GSA 2020 Connects Online

Paper No. 19-11
Presentation Time: 4:00 PM

CARBON GAS CYCLING IN SUPRAGLACIAL DEBRIS COVERS


BROWN, Grace1, BROCK, Ben1, MANN, Paul1 and DUNNING, Stuart2, (1)Geography, Northumbria University, Newcastle-Upon-Tyne, NE1 8ST, United Kingdom, (2)Geography, Politics & Sociology, Newcastle University, Newcastle-Upon-Tyne, NE1 7RU, United Kingdom

Supraglacial debris covers are significant and expanding features of the World’s glacierized mountain ranges, particularly in the Arctic, subarctic, high-mountain Asia and southern Andes, and provide ideal environments for carbon exchange with the atmosphere via chemical weathering and microbial activity. Debris-covered glaciers could therefore play an important role in regional and global cycling of major greenhouse gases.

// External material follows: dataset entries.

Lemma lipschitz_le_parabola (g : R -> R) (L l r t : R) : l < r -> l <= t <= r ->
  g l = 0 -> g r = 0 ->
  (forall x y, l <= x <= r -> l <= y <= r -> `|g x - g y| <= L * `|x - y|) ->
  g t <= 2 * L * (t - l) * (r - t) / (r - l).
Proof.
move=> lr /andP[lt tr] gl gr glip; have rl : 0 < r - l by rewrite subr_gt0.
have lrl : l <= l <= r by rewrite lexx ltW.
have lrr : l <= r <= r by rewrite lexx ltW.
have ltr : l <= t <= r by rewrite lt tr.
have := glip t l ltr lrl; have := glip t r ltr lrr.
rewrite gl gr !subr0 distrC (ger0_norm (x := t - l)) ?(ger0_norm (x := r - t));
  rewrite ?subr_ge0 // => gr_le gl_le.
have gt_le : g t <= `|g t| := ler_norm (g t).
rewrite ler_pdivlMr //; case: (lerP (t - l) (r - t)) => h.
  apply: le_trans (ler_wpM2r (ltW rl) (le_trans gt_le gl_le)) _.
  have : 0 <= L * (t - l) by apply: le_trans gl_le.
  nra.
apply: le_trans (ler_wpM2r (ltW rl) (le_trans gt_le gr_le)) _.
have : 0 <= L * (r - t) by apply: le_trans gr_le.
nra.
Qed.

End Interpolation.

Section Estimates.
Context (R : realType).

Lemma sqrt2pi_le3 : Num.sqrt (2 * pi) <= 3 :> R.
Proof.
have pi4 : (pi : R) < 4 by have := @pihalf_lt2 R; rewrite ltr_pdivrMr //; lra.
rewrite -(@ger0_norm _ 3) // -sqrtr_sqr ler_wsqrtr //.
by have := @pi_gt0 R; lra.
Qed.

(* The right-hand side bounds the mass that N(0, s) gives to a window of width
   del * sqrt s starting at 2 L s rho. *)
Lemma gauss_window_ge (s del L rho : R) : 0 < s -> 0 < del -> 0 <= rho <= 1 ->
  0 <= L ->
  del / 3 * expR (- (4 * L ^+ 2 * s + del ^+ 2)) <=
  expR (- (2 * L * s * rho + del * Num.sqrt s) ^+ 2 / (2 * s))
    / Num.sqrt (2 * pi * s) * (del * Num.sqrt s).
Proof.
move=> s0 del0 /andP[r0 r1] L0.
have q0 : 0 < Num.sqrt s by rewrite sqrtr_gt0.
have sp0 : 0 < Num.sqrt (2 * pi) :> R by rewrite sqrtr_gt0 mulr_gt0 ?pi_gt0.
rewrite sqrtrM; last by rewrite mulr_ge0 // ltW // pi_gt0.
set E := expR (- (2 * L * s * rho + _) ^+ 2 / _).
have -> : E / (Num.sqrt (2 * pi) * Num.sqrt s) * (del * Num.sqrt s)
    = del / Num.sqrt (2 * pi) * E by field; rewrite !gt_eqF.
rewrite /E; apply: ler_pM; rewrite ?expR_ge0 //.
- by apply: divr_ge0; lra.
- by rewrite ler_pM2l // lef_pV2 ?posrE // sqrt2pi_le3.
rewrite ler_expR !mulNr lerN2 ler_pdivrMr ?mulr_gt0 //.
have sq : s = Num.sqrt s ^+ 2 by rewrite sqr_sqrtr // ltW.
set q := Num.sqrt s in q0 sq *; rewrite sq.
have sum_sq : (2 * L * q ^+ 2 * rho + del * q) ^+ 2 <=
    2 * (2 * L * q ^+ 2 * rho) ^+ 2 + 2 * (del * q) ^+ 2.
  by have := sqr_ge0 (2 * L * q ^+ 2 * rho - del * q); nra.
have : (2 * L * q ^+ 2 * rho) ^+ 2 <= (2 * L * q ^+ 2) ^+ 2.
  by rewrite [X in X <= _]exprMn; apply: ler_piMr; rewrite ?sqr_ge0 ?expr_le1.
have -> : (4 * L ^+ 2 * q ^+ 2 + del ^+ 2) * (2 * q ^+ 2) =
  2 * (2 * L * q ^+ 2) ^+ 2 + 2 * (del * q) ^+ 2 by ring.
lra.
Qed.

This study aims to measure rates, variability and environmental controls on surface CO2 fluxes on an alpine debris-covered glacier during the summer ablation season. Direct measurements of the near-surface vertical CO2 flux were made using an eddy covariance and gas analyser (EC) system installed on Miage glacier, Italian Alps, at a thick debris site (>0.2 m debris) and a thin debris site (<0.06 m debris) in the June to September periods of 2013 and 2016, respectively. Upon analysis, it is clear there is a strong daily cycle in downwardly directed carbon flux, closely linked to variation in energy input from incomming shortwave radaition and debris surface temperature, contrasting with a low-magnitude upwardly directed flux during hours of darkness. In common with previously published findings, these data indicate that thick supraglacial debris covers are a strong summer melt season sink of CO2. At the thick debris site, the average net flux is nearly -0.5 g m-2 carbon per day, more than 2 orders of magnitude higher than reported fluxes over cryoconite. In contrast, the thin debris site has an average net flux of 0.024 g m-2 per day, indicating a small net release of CO2 from debris to the atmosphere. Infrequent, high-magnitude ‘pulse events’ of up to -5 g m-2 per 0.5 hour were also observed following rainfall, although their veracity is difficult to assess due to interference of rain water with the gas analyser sensors. Future work will aim to uncover controlling processes and determine the relative roles of chemical weathering and microbial activity in carbon gas cycling, using portable greenhouse gas analysers in conjuction with the EC system on glaciers in different climatic and geological settings.